> _WHAT THE EXERCISE ASKS_
Word for word, restate all of the data shown below.

> _SUPPLIED INFORMATION_
(* Let $G=(V,E)$ be a Bitcoin network, let $N,P\in V$, and let $M\in\Gamma$ be a legitimate monitor. Suppose $M$ executes the procedure $PeeV(N)$ and the nodes $N$ and $P$ execute the procedure $HandleMarker$ on every marker message they receive. Then the output $L_N^M$ of $PeeV(N)$ satisfies $$P\in L_N^M \iff (N,P)\in E.$$
   Context: A Bitcoin network is modeled as a directed graph $G=(V,E)$ whose vertices are the (reachable) nodes; $(N,P)\in E$, also written $N\to P$, means that $N$ has an outbound connection to $P$. For a node $X$, its outbound peers are $O_X=\{Y:(X,Y)\in E\}$ and its inbound peers are $I_X=\{Y:(Y,X)\in E\}$. $\Gamma$ is a fixed set of legitimate monitors; each monitor is connected to every node, and these monitor connections are not part of $E$. A marker message is a triple $[N,M,r]$ (target $N$, monitor $M$, value $r$). Procedure $PeeV(N)$, run by monitor $M$: start with an empty list $L_N^M$; draw a random value $r$; send the marker $[N,M,r]$ to $N$; until a timeout $t$ expires, whenever a marker is received from some node $P$ and it equals $[N,M,r]$, set $L_N^M:=L_N^M\cup\{P\}$; when the timeout expires, output $L_N^M$. Procedure $HandleMarker(pfrom,[N,M,r])$, run by a node $X$ on receiving a marker from sender $pfrom$: if $pfrom=M$ and $M\in\Gamma$, send the marker to every outbound peer of $X$; if $pfrom=N$ and $N$ is an inbound peer of $X$, send the marker to $M$; otherwise do nothing. Standing assumptions of this result: all nodes are honest (follow the procedures), no connection is established or dropped during the execution, and every sent message is delivered, with the timeout $t$ longer than the time needed for a marker to travel $M\to N\to P\to M$. *)

From Stdlib Require Import Arith.

Set Implicit Arguments.

Record marker (Ent : Type) := Marker { mk_target : Ent; mk_monitor : Ent; mk_value : nat }.
Arguments Marker {Ent}.

Section Protocol.
Variable Ent : Type.              (* all participants: nodes and monitors *)
Variable V : Ent -> Prop.
Variable Gamma : Ent -> Prop.
Variable E : Ent -> Ent -> Prop.  (* E X Y : X has an outbound connection to Y *)

(* HandleMarker run by node X on receiving marker m from pfrom:
   handle X pfrom m Y  <->  X sends m to Y. *)
Definition handle (X pfrom : Ent) (m : marker Ent) (Y : Ent) : Prop :=
  (pfrom = mk_monitor m /\ Gamma (mk_monitor m) /\ E X Y)
  \/ (~ (pfrom = mk_monitor m /\ Gamma (mk_monitor m)) /\
      pfrom = mk_target m /\ E (mk_target m) X /\ Y = mk_monitor m).

(* Execution of PeeV(N) by monitor M with value r, where every node of V
   (all honest) runs HandleMarker, every message is delivered, and a
   message sent from A to B at time s arrives at time s + dl A B.
   delivered A B m s : marker m sent by A arrives at B at time s. *)
Inductive delivered (M N : Ent) (r : nat) (dl : Ent -> Ent -> nat)
  : Ent -> Ent -> marker Ent -> nat -> Prop :=
| deliv_start : delivered M N r dl M N (Marker N M r) (dl M N)
| deliv_fwd : forall pfrom X Y m s,
    delivered M N r dl pfrom X m s -> V X -> handle X pfrom m Y ->
    delivered M N r dl X Y m (s + dl X Y).

(* Output L_N^M of PeeV(N): senders of the marker [N,M,r] received by M
   before the timeout t (PeeV starts at time 0). *)
Definition PeeV_output (M N : Ent) (r : nat) (dl : Ent -> Ent -> nat) (t : nat)
  (Q : Ent) : Prop :=
  exists s, s <= t /\ delivered M N r dl Q M (Marker N M r) s.

End Protocol.

From Stdlib Require Import Lia.

(* A monitor is not a node, so a node never forwards a marker to it along an
   edge of G; the only way a marker reaches a monitor is as the reply of a
   node X that received it from its target N with N -> X.  Hence the senders
   of [N,M,r] to M are exactly the outbound peers of N, and each of them
   replies within the delay of the round trip M -> N -> P -> M, which is
   shorter than the timeout. *)

Section Markers.
Context {Ent : Type} {V Gamma : Ent -> Prop} {E : Ent -> Ent -> Prop}.
Hypothesis edges_between_nodes : forall x y, E x y -> V x /\ V y.

Lemma handle_to_non_node {X pfrom m Y} :
  ~ V Y -> handle Gamma E X pfrom m Y ->
  pfrom = mk_target m /\ E (mk_target m) X /\ Y = mk_monitor m.
Proof.
  intros hY [[_ [_ hXY]] | [_ hreply]].
  - exfalso; exact (hY (proj2 (edges_between_nodes _ _ hXY))).
  - exact hreply.
Qed.

Lemma delivered_to_non_node {M N r dl Q B m s} :
  V N -> ~ V B -> delivered V Gamma E M N r dl Q B m s ->
  E (mk_target m) Q /\ B = mk_monitor m.
Proof.
  intros hN hB hdel; destruct hdel as [| pfrom X Y m s _ _ hhandle].
  - exfalso; exact (hB hN).
  - destruct (handle_to_non_node hB hhandle) as [_ [hXY ->]]; auto.
Qed.

Lemma delivered_round_trip M N P r dl :
  Gamma M -> N <> M -> E N P ->
  delivered V Gamma E M N r dl P M (Marker N M r) (dl M N + dl N P + dl P M).
Proof.
  intros hM hNM hNP.
  destruct (edges_between_nodes _ _ hNP) as [hN hP].
  apply deliv_fwd with (pfrom := N); [| exact hP |].
  - apply deliv_fwd with (pfrom := M); [apply deliv_start | exact hN |].
    left; simpl; auto.
  - right; simpl; split; [intros [hNM' _]; exact (hNM hNM') | auto].
Qed.

End Markers.

Theorem theorem1 (Ent : Type) (V Gamma : Ent -> Prop) (E : Ent -> Ent -> Prop)
  (hE : forall x y, E x y -> V x /\ V y)
  (hmon : forall x, Gamma x -> ~ V x)
  (N P M : Ent) (hN : V N) (hP : V P) (hM : Gamma M)
  (r : nat) (dl : Ent -> Ent -> nat) (t : nat)
  (htimeout : dl M N + dl N P + dl P M < t) :
  PeeV_output V Gamma E M N r dl t P <-> E N P.
Proof.
  split.
  - intros [s [_ hdel]].
    exact (proj1 (delivered_to_non_node hE hN (hmon M hM) hdel)).
  - intros hNP; exists (dl M N + dl N P + dl P M); split; [lia |].
    apply delivered_round_trip; auto.
    intros hNM; apply (hmon M hM); rewrite <- hNM; exact hN.
Qed.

> _SOLUTION FOR THIS TASK_
(* Let $G=(V,E)$ be a Bitcoin network, let $N,P\in V$, and let $M\in\Gamma$ be a legitimate monitor. Suppose $M$ executes the procedure $PeeV(N)$ and the nodes $N$ and $P$ execute the procedure $HandleMarker$ on every marker message they receive. Then the output $L_N^M$ of $PeeV(N)$ satisfies $$P\in L_N^M \iff (N,P)\in E.$$
   Context: A Bitcoin network is modeled as a directed graph $G=(V,E)$ whose vertices are the (reachable) nodes; $(N,P)\in E$, also written $N\to P$, means that $N$ has an outbound connection to $P$. For a node $X$, its outbound peers are $O_X=\{Y:(X,Y)\in E\}$ and its inbound peers are $I_X=\{Y:(Y,X)\in E\}$. $\Gamma$ is a fixed set of legitimate monitors; each monitor is connected to every node, and these monitor connections are not part of $E$. A marker message is a triple $[N,M,r]$ (target $N$, monitor $M$, value $r$). Procedure $PeeV(N)$, run by monitor $M$: start with an empty list $L_N^M$; draw a random value $r$; send the marker $[N,M,r]$ to $N$; until a timeout $t$ expires, whenever a marker is received from some node $P$ and it equals $[N,M,r]$, set $L_N^M:=L_N^M\cup\{P\}$; when the timeout expires, output $L_N^M$. Procedure $HandleMarker(pfrom,[N,M,r])$, run by a node $X$ on receiving a marker from sender $pfrom$: if $pfrom=M$ and $M\in\Gamma$, send the marker to every outbound peer of $X$; if $pfrom=N$ and $N$ is an inbound peer of $X$, send the marker to $M$; otherwise do nothing. Standing assumptions of this result: all nodes are honest (follow the procedures), no connection is established or dropped during the execution, and every sent message is delivered, with the timeout $t$ longer than the time needed for a marker to travel $M\to N\to P\to M$. *)

From Stdlib Require Import Arith.

Set Implicit Arguments.

Record marker (Ent : Type) := Marker { mk_target : Ent; mk_monitor : Ent; mk_value : nat }.
Arguments Marker {Ent}.

Section Protocol.
Variable Ent : Type.              (* all participants: nodes and monitors *)
Variable V : Ent -> Prop.
Variable Gamma : Ent -> Prop.
Variable E : Ent -> Ent -> Prop.  (* E X Y : X has an outbound connection to Y *)

(* HandleMarker run by node X on receiving marker m from pfrom:
   handle X pfrom m Y  <->  X sends m to Y. *)
Definition handle (X pfrom : Ent) (m : marker Ent) (Y : Ent) : Prop :=
  (pfrom = mk_monitor m /\ Gamma (mk_monitor m) /\ E X Y)
  \/ (~ (pfrom = mk_monitor m /\ Gamma (mk_monitor m)) /\
      pfrom = mk_target m /\ E (mk_target m) X /\ Y = mk_monitor m).

(* Execution of PeeV(N) by monitor M with value r, where every node of V
   (all honest) runs HandleMarker, every message is delivered, and a
   message sent from A to B at time s arrives at time s + dl A B.
   delivered A B m s : marker m sent by A arrives at B at time s. *)
Inductive delivered (M N : Ent) (r : nat) (dl : Ent -> Ent -> nat)
  : Ent -> Ent -> marker Ent -> nat -> Prop :=
| deliv_start : delivered M N r dl M N (Marker N M r) (dl M N)
| deliv_fwd : forall pfrom X Y m s,
    delivered M N r dl pfrom X m s -> V X -> handle X pfrom m Y ->
    delivered M N r dl X Y m (s + dl X Y).

(* Output L_N^M of PeeV(N): senders of the marker [N,M,r] received by M
   before the timeout t (PeeV starts at time 0). *)
Definition PeeV_output (M N : Ent) (r : nat) (dl : Ent -> Ent -> nat) (t : nat)
  (Q : Ent) : Prop :=
  exists s, s <= t /\ delivered M N r dl Q M (Marker N M r) s.

End Protocol.

From Stdlib Require Import Lia.

(* A monitor is not a node, so a node never forwards a marker to it along an
   edge of G; the only way a marker reaches a monitor is as the reply of a
   node X that received it from its target N with N -> X.  Hence the senders
   of [N,M,r] to M are exactly the outbound peers of N, and each of them
   replies within the delay of the round trip M -> N -> P -> M, which is
   shorter than the timeout. *)

Section Markers.
Context {Ent : Type} {V Gamma : Ent -> Prop} {E : Ent -> Ent -> Prop}.
Hypothesis edges_between_nodes : forall x y, E x y -> V x /\ V y.

Lemma handle_to_non_node {X pfrom m Y} :
  ~ V Y -> handle Gamma E X pfrom m Y ->
  pfrom = mk_target m /\ E (mk_target m) X /\ Y = mk_monitor m.
Proof.
  intros hY [[_ [_ hXY]] | [_ hreply]].
  - exfalso; exact (hY (proj2 (edges_between_nodes _ _ hXY))).
  - exact hreply.
Qed.

Lemma delivered_to_non_node {M N r dl Q B m s} :
  V N -> ~ V B -> delivered V Gamma E M N r dl Q B m s ->
  E (mk_target m) Q /\ B = mk_monitor m.
Proof.
  intros hN hB hdel; destruct hdel as [| pfrom X Y m s _ _ hhandle].
  - exfalso; exact (hB hN).
  - destruct (handle_to_non_node hB hhandle) as [_ [hXY ->]]; auto.
Qed.

Lemma delivered_round_trip M N P r dl :
  Gamma M -> N <> M -> E N P ->
  delivered V Gamma E M N r dl P M (Marker N M r) (dl M N + dl N P + dl P M).
Proof.
  intros hM hNM hNP.
  destruct (edges_between_nodes _ _ hNP) as [hN hP].
  apply deliv_fwd with (pfrom := N); [| exact hP |].
  - apply deliv_fwd with (pfrom := M); [apply deliv_start | exact hN |].
    left; simpl; auto.
  - right; simpl; split; [intros [hNM' _]; exact (hNM hNM') | auto].
Qed.

End Markers.

Theorem theorem1 (Ent : Type) (V Gamma : Ent -> Prop) (E : Ent -> Ent -> Prop)
  (hE : forall x y, E x y -> V x /\ V y)
  (hmon : forall x, Gamma x -> ~ V x)
  (N P M : Ent) (hN : V N) (hP : V P) (hM : Gamma M)
  (r : nat) (dl : Ent -> Ent -> nat) (t : nat)
  (htimeout : dl M N + dl N P + dl P M < t) :
  PeeV_output V Gamma E M N r dl t P <-> E N P.
Proof.
  split.
  - intros [s [_ hdel]].
    exact (proj1 (delivered_to_non_node hE hN (hmon M hM) hdel)).
  - intros hNP; exists (dl M N + dl N P + dl P M); split; [lia |].
    apply delivered_round_trip; auto.
    intros hNM; apply (hmon M hM); rewrite <- hNM; exact hN.
Qed.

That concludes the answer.